Annual meeting of the society for molecular biology and evolution (SMBE) in Lyon, France, 4-8th of July 2010.
04 Jul 2010 Exploring the diversification of TE families via de novo approaches in whole-genome sequencesTimothée Flutre, Elodie Duprat, Catherine Feuillet, Hadi Quesneville
Transposable elements (TEs) are repeated genomic sequences almost ubiquitous among prokaryote and eukaryote genomes that have a large impact on genome evolution. They are recognized as key players in genome structure dynamics, and can also be viewed as “controlling” elements involved in epigenetics mechanisms and the tinkering of gene regulatory networks. As the number of genome sequences is steadily increasing, automatic de novo approaches are needed to accurately annotate TEs and overcome the challenge of detecting nested and fragmented TEs in large and repetitive genomes. To reach this aim, we compared several programs and implemented a combined approach, the TEdenovo pipeline, which was integrated into the REPET package. The comparative analysis was performed on the Drosophila melanogaster release 4 and the Arabidopsisthaliana release 9 genomes for which high-quality TE reference sequences and annotations are available.
Since we are interested in TE dynamics within their genomic ecosystem, the goal of our approach is to recover, for each TE family, the complete ancestral sequence that transposed, rather than truncated or artifactual versions of it. The TEdenovo pipeline proceeds in 3 steps: (1) it searches for repeats via a self-alignment of the input genomic sequences, (2) it clusters the resulting high-scoring segment pairs, and (3) it builds consensus from the multiple sequence alignments. At the crucial step of repeats clustering, we show that only a combination of specific algorithms dedicated to the clustering of interspersed repeats can detect most of the TE families with a good recovery of the reference sequences. On D. melanogaster, the de novo library reached 93% sensitivity and 81% specificity when compared to its reference data-bank, whereas the values were of 74% sensitivity and 72% specificity on A. thaliana.

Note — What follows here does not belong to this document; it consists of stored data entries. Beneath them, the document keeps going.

Lemma sum_loss_dev (s : N.-tuple bool) :
  \sum_(i < N) (q - (1 - (tnth s i : nat)%:R)) = N%:R * (q - qhat R s).
Proof.
rewrite sumrB sumr_const card_ord /qhat mulrBr mulr_natl; congr (_ - _).
have [N0|N0] := eqVneq N 0%N.
  rewrite (_ : N%:R = 0) ?mul0r; last by rewrite N0.
  by apply: big1 => i _; have := ltn_ord i; rewrite [X in (_ < X)%N]N0.
by rewrite mulrCA divff ?mulr1 // pnatr_eq0.
Qed.

Lemma sum_tuple_expR_dev h :
  \sum_(s : N.-tuple bool) (\prod_(i < N) bern q (tnth s i)) * expR (h * (N%:R * (q - qhat R s)))
  = (q * expR (h * (q - 1)) + (1 - q) * expR (h * q)) ^+ N.
Proof.
under eq_bigr do rewrite -sum_loss_dev mulr_sumr expR_sum -big_split /=.
rewrite (sum_tuple_prod (fun _ b => bern q b * expR (h * (q - (1 - (b : nat)%:R))))).
rewrite -[in RHS](card_ord N) -prodr_const; apply: eq_bigr => i _.
by rewrite big_bool /= /bern subrr !subr0 addrC.
Qed.

Lemma hoeffding_tail d : 0 < q < 1 -> 0 < d ->
  sample_prob q (fun s : N.-tuple bool => d <= q - qhat R s) <= expR (- (2 * N%:R * d ^+ 2)).
Proof.
move=> q01 d0; pose h := 4 * d.
pose w (s : N.-tuple bool) := \prod_(i < N) bern q (tnth s i).
have q01' : 0 <= q <= 1 by case/andP: q01 => q0 q1; rewrite !ltW.
have w0 s : 0 <= w s by apply: prodr_ge0 => i _; exact: bern_ge0.
apply: (@le_trans _ _ (\sum_(s : N.-tuple bool)
    w s * expR (h * (N%:R * (q - qhat R s)) - h * (N%:R * d)))).
  rewrite /sample_prob [leRHS](bigID (fun s => `[< d <= q - qhat R s >])) /=.
  rewrite -[leLHS]addr0 lerD //; last first.
    by apply: sumr_ge0 => s _; rewrite mulr_ge0 ?expR_ge0.
  apply: ler_sum => s /asboolP dev; rewrite -[leLHS]mulr1 ler_wpM2l ?(w0 s) //.
  apply: le_trans (_ : expR 0 <= _); first by rewrite expR0.
  by rewrite ler_expR -mulrBr -mulrBr mulr_ge0 ?mulr_ge0 ?subr_ge0 // /h; lra.
under eq_bigr do rewrite expRD mulrA.
rewrite -mulr_suml sum_tuple_expR_dev.
apply: (@le_trans _ _ (expR (h ^+ 2 / 8) ^+ N * expR (- (h * (N%:R * d))))).
  rewrite ler_wpM2r ?expR_ge0 // lerXn2r ?nnegrE ?expR_ge0 ?hoeffding_bernoulli //.
    by rewrite addr_ge0 // mulr_ge0 ?expR_ge0 //; lra.
  by rewrite /h; lra.
rewrite -expRM_natr -expRD ler_expR /h -mulr_natr.
by rewrite (_ : _ + _ = - (2 * N%:R * d ^+ 2)) ?lexx //; field.
Qed.

Lemma sample_prob_dev_lt beta r : 0 < q < 1 -> 0 < beta < 1 -> 0 < r ->
  ln (2 / beta) / (2 * r ^+ 2) < N%:R ->
  1 - beta <= sample_prob q (fun s : N.-tuple bool => q - qhat R s < r).
Proof.
move=> q01 /andP[b0 b1] r0 hN.
have r2 : 0 < 2 * r ^+ 2 by rewrite mulr_gt0 // exprn_gt0.
have tail_le : expR (- (2 * N%:R * r ^+ 2)) <= beta.
  apply: (@le_trans _ _ (expR (- ln (2 / beta)))).
    have -> : 2 * N%:R * r ^+ 2 = N%:R * (2 * r ^+ 2) by ring.
    by rewrite ler_expR lerN2 ltW // -ltr_pdivrMr.
  by rewrite expRN lnK ?posrE ?divr_gt0 // invf_div ler_pdivrMr //; lra.
have q01' : 0 <= q <= 1 by case/andP: q01 => q0 q1; rewrite !ltW.
apply: le_trans (le_sample_prob q01' (E := fun s => ~ r <= q - qhat R s) _).
  by rewrite sample_probN lerB // (le_trans (hoeffding_tail q01 r0)).
by move=> s; rewrite ltNge => /negP.
Qed.

Lemma sample_prob_dev_lt_bar beta (d : \bar R) : 0 < q < 1 -> 0 < beta < 1 ->
  (0 < d)%E -> sample_cond N beta d ->
  1 - beta <= sample_prob q (fun s : N.-tuple bool => ((q - qhat R s)%:E < d)%E).
Proof.
move=> q01 beta01; have q01' : 0 <= q <= 1 by case/andP: q01 => q0 q1; rewrite !ltW.
case: d => [r| |] //= r0 hN.
  rewrite lte_fin in r0.
  apply: le_trans (sample_prob_dev_lt q01 beta01 r0 hN) (le_sample_prob q01' _) => s.
  by rewrite lte_fin.
apply: le_trans (le_sample_prob q01' (E := fun _ => True) _); last by move=> s _; rewrite ltry.
by rewrite sample_probT lerBlDr lerDl; case/andP: beta01 => /ltW.
Qed.

End SampleProbability.

(** * Quadratic forms *)

Section QuadraticForms.
Variables (R : realType) (k : nat).
Implicit Types (X Y : 'M[R]_k) (u x : 'cV[R]_k).

Definition qf X x : R := (x^T *m X *m x) 0 0.
Definition bf X u x : R := (u^T *m X *m x) 0 0.
Definition ssq x : R := (x^T *m x) 0 0.

Lemma qfE X x : qf X x = \sum_i \sum_j x i 0 * X i j * x j 0.
Proof.
rewrite /qf mxE exchange_big /=; apply: eq_bigr => j _; rewrite mxE mulr_suml.
by apply: eq_bigr => i _; rewrite mxE.
Qed.

Lemma ssqE x : ssq x = \sum_i x i 0 ^+ 2.
Proof. by rewrite /ssq mxE; apply: eq_bigr => i _; rewrite mxE expr2. Qed.

Lemma ssq_ge0 x : 0 <= ssq x.
Proof. by rewrite ssqE sumr_ge0 // => i _; rewrite sqr_ge0. Qed.

Lemma sqr_le_ssq x i : x i 0 ^+ 2 <= ssq x.
Proof. by rewrite ssqE (bigD1 i) //= lerDl sumr_ge0 // => j _; rewrite sqr_ge0. Qed.

Lemma qfD X Y x : qf (X + Y) x = qf X x + qf Y x.
Proof. by rewrite /qf mulmxDr mulmxDl !mxE. Qed.

Lemma qfB X Y x : qf (X - Y) x = qf X x - qf Y x.
Proof. by rewrite /qf mulmxBr mulmxBl !mxE. Qed.

Lemma qfZ a X x : qf (a *: X) x = a * qf X x.
Proof. by rewrite /qf -scalemxAr -scalemxAl mxE. Qed.

Lemma bfC X u x : X^T = X -> bf X x u = bf X u x.
Proof.
move=> XT; rewrite /bf -[in LHS](trmxK (x^T *m X *m u)) mxE.
by rewrite !trmx_mul trmxK XT mulmxA.
Qed.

As the TEdenovo pipeline combines several clustering algorithms, we implemented a TE classifier to detect TE features on de novo consensus sequences, and to remove redundant consensus based on their classification. This procedure filters out false-positives and gives useful information to support manual curation. Once the de novo library was produced, we used it to mine the genome via the TEannot pipeline, also part of the REPET package. This tool combines several programs to detect TE fragments and connect them when they belonged to the same TE copy, hence resolving complex insertion patterns. The final annotation achieved with the de novo consensus reached 91% sensitivity and 97% specificity on D. melanogaster, and 87% and 92% on A. thaliana.
This analysis enabled us to thoroughly assess the results of de novo approaches as well as highlight the structural diversification within TE families, a process reflecting the tempo and mode of TEs evolution.